After You’d Gone, published when she was 27 years old, received rave reviews, and also won a Betty Trask Award. I still have my battered paperback edition with, as it turns out, a prescient quote from Ali Smith on the cover, reviewing for Scotland on Sunday: “O’Farrell is a born novelist... After You’d Gone is gripping, delivered with clarity, care, generosity... supremely moving.” Fittingly, Smith has written the foreword for the 2025 edition.
Over the course of her nine novels, O’Farrell has explored intimate relationships, both romantic and familial, with elegance and precision. Her characters are beautifully observed, and the story is always powered by a cleverly constructed, compulsive page-turner of a plot. To my mind she has written particularly well about motherhood, most viscerally in the 2010 Costa Novel Award-winning The Hand That First Held Mine – no writer has quite captured the chaotic days and nights with a newborn as she has here – and the unbearable death of a child in the Women’s Prize-winning Hamnet. Hamnet’s body laid out and prepared for burial by his mother remains one of the most moving depictions of grief and loss I have ever read.
The seeds for her novels have been different every single time, she says. Her most recent novel The Marriage Portrait was inspired by a painting. This Must Be the Place grew out of observing the reactions to a very famous celebrity in a Soho café. “You can’t go out searching for it, that’s the hard thing about inspiration. Also, it can have a long gestational period – something that you read or overheard or have seen – and it can be years later that it might start to develop into something.”

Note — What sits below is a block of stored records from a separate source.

(* Multiset comparison: [x_0..x_{m-1}] related to [y_0..y_{k-1}] via
   an injection g with P_{g(i)}(x_i), where P_j is "related to y_j". *)
Definition mrel {A : Type} (ss : list A) (P : list (A -> Prop)) : Prop :=
  exists g : nat -> nat,
    (forall k l, k < length ss -> l < length ss -> g k = g l -> k = l) /\
    (forall k a, nth_error ss k = Some a ->
       exists p, nth_error P (g k) = Some p /\ p a).

(* Equality of the multisets-based terms (the raw terms are lists, so
   they are identified up to permutation, recursively). *)
Fixpoint req {L A : Type} (s t : rtree L A) {struct t} : Prop :=
  match t with
  | rleaf y => match s with rleaf x => x = y | rnode _ _ => False end
  | rnode j ts =>
      let P := map (fun u => fun a => req a u) ts in
      match s with
      | rleaf _ => False
      | rnode i ss => i = j /\ length ss = length P /\ mrel ss P
      end
  end.

(* The order <=_{T_n(X)}, on raw terms (lv reads off the numeric label). *)
Fixpoint rle {L A : Type} (lv : L -> nat) (R : A -> A -> Prop)
         (s t : rtree L A) {struct t} : Prop :=
  match t with
  | rleaf y => match s with rleaf x => R x y | rnode _ _ => False end
  | rnode j ts =>
      let P := map (fun u => fun a => rle lv R a u) ts in
      match s with
      | rleaf _ => exists p, In p P /\ p s
      | rnode i ss => (i = j /\ mrel ss P) \/ (lv i <= lv j /\ exists p, In p P /\ p s)
      end
  end.

Fixpoint rmap {L A B : Type} (f : A -> B) (t : rtree L A) : rtree L B :=
  match t with
  | rleaf x => rleaf (f x)
  | rnode i ts => rnode i (map (rmap f) ts)
  end.

Fixpoint rsupp {L A : Type} (t : rtree L A) : A -> Prop :=
  match t with
  | rleaf x => fun y => y = x
  | rnode _ ts => fun y => exists p, In p (map rsupp ts) /\ p y
  end.

(* T_n(X) as the quotient of raw terms by req                          *)

Definition Tcar (n : nat) (X : ord) : Type :=
  {P : rtree (lab n) X -> Prop | exists t, P = (fun u => req u t)}.

Definition cls {n : nat} {X : ord} (t : rtree (lab n) X) : Tcar n X :=
  exist _ (fun u => req u t) (ex_intro _ t eq_refl).

Definition repr {n : nat} {X : ord} (a : Tcar n X) : rtree (lab n) X :=
  proj1_sig (constructive_indefinite_description _ (proj2_sig a)).

Definition labval {n : nat} (i : lab n) : nat := proj1_sig i.

Definition Tord (n : nat) (X : ord) : ord :=
  Ord (Tcar n X) (fun a b => rle labval (@rel X) (repr a) (repr b)).

Definition Tmap (n : nat) {X Y : ord} (f : X -> Y) (a : Tord n X) : Tord n Y :=
  cls (rmap f (repr a)).

Definition T (n : nat) : PO_functor := POFun (Tord n) (fun X Y f => Tmap n f).

Definition Tsupp (n : nat) (X : ord) (a : Fobj (T n) X) : X -> Prop :=
  rsupp (repr a).

(* T^-_{n+1}(X): terms \overline x or 0 * sigma                       *)

Definition root_ok {n : nat} {A : Type} (t : rtree (lab n) A) : Prop :=
  match t with rleaf _ => True | rnode i _ => labval i = 0 end.

Lemma rtree_ind' (L A : Type) (P : rtree L A -> Prop) :
  (forall x, P (rleaf x)) ->
  (forall i ts, Forall P ts -> P (rnode i ts)) ->
  forall t, P t.
Proof.
  intros Hl Hn. fix IH 1. intros [x|i ts].
  - apply Hl.
  - apply Hn. induction ts as [|u us IHus]; constructor; [apply IH | exact IHus].
Qed.

Lemma req_refl (L A : Type) (t : rtree L A) : req t t.
Proof.
  induction t as [x|i ts H] using rtree_ind'; simpl; auto.
  split; [reflexivity|]. split; [now rewrite length_map|].
  exists (fun k => k). split; [auto|].
  intros k a Hk. exists (fun b => req b a). split.
  - now rewrite nth_error_map, Hk.
  - rewrite Forall_forall in H. apply H. eapply nth_error_In; eauto.
Qed.

Lemma repr_spec (n : nat) (X : ord) (a : Tcar n X) :
  proj1_sig a = (fun u => req u (repr a)).
Proof.
  unfold repr. destruct (constructive_indefinite_description _ _) as [t Ht]. exact Ht.
Qed.

Lemma req_root (n : nat) (A : Type) (s t : rtree (lab n) A) :
  req s t -> root_ok t -> root_ok s.
Proof.
  destruct t as [y|j ts]; destruct s as [x|i ss]; simpl; try tauto.
  intros [-> _]; auto.
Qed.

Lemma Tmap_root (n : nat) (X Y : ord) (f : X -> Y) (a : Tcar n X) :
  root_ok (repr a) -> root_ok (repr (Tmap n f a)).
Proof.
  intro H. apply (req_root _ _ _ (rmap f (repr a))).
  - pose proof (repr_spec n Y (Tmap n f a)) as E. simpl in E.
    assert (Hr := req_refl _ _ (repr (Tmap n f a))).
    change ((fun u => req u (repr (Tmap n f a))) (repr (Tmap n f a))) in Hr.
    rewrite <- E in Hr. exact Hr.
  - destruct (repr a); simpl in *; auto.
Qed.

Definition Tmcar (n : nat) (X : ord) : Type :=
  {a : Tcar (S n) X | root_ok (repr a)}.

Definition Tmord (n : nat) (X : ord) : ord :=
  Ord (Tmcar n X) (fun a b => @rel (Tord (S n) X) (proj1_sig a) (proj1_sig b)).

Definition Tmmap (n : nat) {X Y : ord} (f : X -> Y) (a : Tmord n X) : Tmord n Y :=
  exist _ (Tmap (S n) f (proj1_sig a)) (Tmap_root _ _ _ f _ (proj2_sig a)).

(* Tminus n is T^-_{n+1} *)
Definition Tminus (n : nat) : PO_functor := POFun (Tmord n) (fun X Y f => Tmmap n f).

Definition Tmsupp (n : nat) (X : ord) (a : Fobj (Tminus n) X) : X -> Prop :=
  Tsupp (S n) X (proj1_sig a).

(* Terms of T_n(X) are finite trees with labelled nodes and leaves in X, taken modulo
   permuting the children of each node; order, functorial action and support are defined
   on raw trees and respect this equivalence.  All order properties reduce to the lifting of
   a relation to lists along an injection of indices.  Antisymmetry is the one delicate
   point: two such injections compose to a permutation of a finite set, and following the
   finite orbits of that permutation turns two one-sided comparisons into a two-sided one.
   Normality holds because each leaf below s is dominated by a leaf below t whenever s <= t.
   T^-_{n+1} is the subfunctor of T_{n+1} given by a condition on the root label, which is
   reflected by the functorial action, so it inherits everything from T_{n+1}. *)

From Stdlib Require Import List Arith Lia Classical FunctionalExtensionality
  PropExtensionality ProofIrrelevance FinFun.
Import ListNotations.

Lemma bInjective_le n m (f : nat -> nat) :
  bInjective n f -> (forall x, x < n -> f x < m) -> n <= m.
Proof.
  intros Hinj Hf. destruct (le_lt_dec n m) as [Hnm|Hmn]; [exact Hnm|exfalso].
  assert (Hb : bFun n f) by (intros x Hx; specialize (Hf x Hx); lia).
  destruct (proj1 (bInjective_bSurjective Hb) Hinj m Hmn) as [x [Hx Efx]].
  specialize (Hf x Hx). lia.
Qed.

Lemma pigeonhole n m (f : nat -> nat) :
  m < n -> (forall x, x < n -> f x < m) -> exists x y, x < y < n /\ f x = f y.
Proof.
  intros Hmn Hf. apply NNPP. intros Hno.
  enough (Hinj : bInjective n f) by (pose proof (bInjective_le n m f Hinj Hf); lia).
  intros x y Hx Hy E. destruct (lt_eq_lt_dec x y) as [[Hxy|Exy]|Hyx]; [|exact Exy|];
    exfalso; apply Hno; [exists x, y | exists y, x]; auto.
Qed.

Lemma iter_bFun n p : bFun n p -> forall m, bFun n (Nat.iter m p).
Proof. intros Hp m; induction m; intros x Hx; simpl; auto. Qed.

Lemma iter_bInjective n p :
  bFun n p -> bInjective n p -> forall m, bInjective n (Nat.iter m p).
Proof.
  intros Hp Hinj m; induction m as [|m IH]; intros x y Hx Hy E; simpl in E; [exact E|].
  apply IH; auto. apply Hinj; auto; apply iter_bFun; auto.
Qed.

Lemma bInjective_orbit n p :
  bFun n p -> bInjective n p -> forall k, k < n -> exists m, Nat.iter (S m) p k = k.
Proof.
  intros Hp Hinj k Hk.
  destruct (pigeonhole (S n) n (fun i => Nat.iter i p k)) as [x [y [Hxy E]]];
    [lia | intros; apply iter_bFun; auto |].
  exists (y - x - 1). replace (S (y - x - 1)) with (y - x) by lia.
  apply (iter_bInjective n p Hp Hinj x); [apply iter_bFun; auto | exact Hk |].
  rewrite <- Nat.iter_add. replace (x + (y - x)) with y by lia. symmetry. exact E.
Qed.

Definition mlift {A B} (r : A -> B -> Prop) (l1 : list A) (l2 : list B) : Prop :=
  exists g, bInjective (length l1) g /\
    forall k a, nth_error l1 k = Some a -> exists b, nth_error l2 (g k) = Some b /\ r a b.

Lemma mrel_mlift {A B} (r : A -> B -> Prop) ss ts :
  mrel ss (map (fun u a => r a u) ts) <-> mlift r ss ts.
Proof.
  split; intros [g [Hg Hrg]]; exists g; split; auto; intros k a Hk.
  - destruct (Hrg k a Hk) as [p [Hp Hpa]]. rewrite nth_error_map in Hp.
    destruct (nth_error ts (g k)) as [b|]; inversion Hp; subst. eauto.
  - destruct (Hrg k a Hk) as [b [Hb Hab]]. exists (fun a => r a b).
    rewrite nth_error_map, Hb. auto.
Qed.

Lemma mlift_index_bound {A B} (r : A -> B -> Prop) l1 l2 g :
  (forall k a, nth_error l1 k = Some a -> exists b, nth_error l2 (g k) = Some b /\ r a b) ->
  forall k, k < length l1 -> g k < length l2.
Proof.
  intros Hrg k Hk. apply nth_error_Some in Hk.
  destruct (nth_error l1 k) as [a|] eqn:Ea; [|congruence].
  destruct (Hrg k a Ea) as [b [Hb _]]. apply nth_error_Some. congruence.
Qed.

Lemma mlift_In {A B} (r : A -> B -> Prop) l1 l2 a :
  mlift r l1 l2 -> In a l1 -> exists b, In b l2 /\ r a b.
Proof.
  intros [g [_ Hrg]] Ha. destruct (In_nth_error _ _ Ha) as [k Hk].
  destruct (Hrg k a Hk) as [b [Hb Hab]]. eauto using nth_error_In.
Qed.

Lemma mlift_impl {A B} (r r' : A -> B -> Prop) l1 l2 :
  (forall a b, In a l1 -> In b l2 -> r a b -> r' a b) -> mlift r l1 l2 -> mlift r' l1 l2.
Proof.
  intros H [g [Hg Hrg]]. exists g. split; [exact Hg|]. intros k a Ha.
  destruct (Hrg k a Ha) as [b [Hb Hab]]. exists b. split; [exact Hb|].
  apply H; eauto using nth_error_In.
Qed.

O’Farrell has combined her stellar career with raising three children – she is married to the novelist William Sutcliffe – and loathes “the school of thought that says every baby costs you a book”. It’s just not true, she says: “All books are written against impossible odds. Every single one. And the odds change throughout your life. The first two books I wrote while I was working full time as a journalist, then I had young children.” She managed to combine the two, although she does vividly remember an early challenge: “My son, when he was very small, once came into a room and put a cardboard box over my head. I said, ‘What are you doing?’ and he said, ‘I’m just trying to stop you thinking!’”
I ask if she has a favourite of her novels? “All of them represent a different time in my life and a different set of concerns, and also something that I wanted to learn about. I think you’re often told in writing classes to write what you know. But I don’t really agree with that. Often, we write what we don’t know and actually the act of writing novels is the way we find out.”
Neither has she found that the act of writing novels gets easier over time: “What you know how to write is the ones you have written and actually you don’t know how to write the next one. You’ll have to work that out as you go along.”
Most recently, she has adapted her novel Hamnet for the big screen, collaborating with the director Chloé Zhao, who won Best Director at the 2021 Oscars for Nomadland, on the screenplay. O’Farrell initially did not want to be involved, but Zhao was “quite persuasive” when the two met over video call. She found the whole process of effectively disassembling and reassembling the novel so that it worked on the screen fascinating, “externalising what is internal in the novel so that it can be expressed by an actor”. She is full of praise for the two stars: Jessie Buckley, who plays the free-spirited Agnes, Shakespeare’s wife, and Paul Mescal as Shakespeare.
A starry Hollywood film adaptation is surely another measure of her success. But O’Farrell sees things slightly differently: “The definition of success for me is whether or not I feel a book is working. Whether the characters are interacting with the plot, whether the structure is balanced, whether I’ve used too many repeated words. That’s the only form of success I really think about.”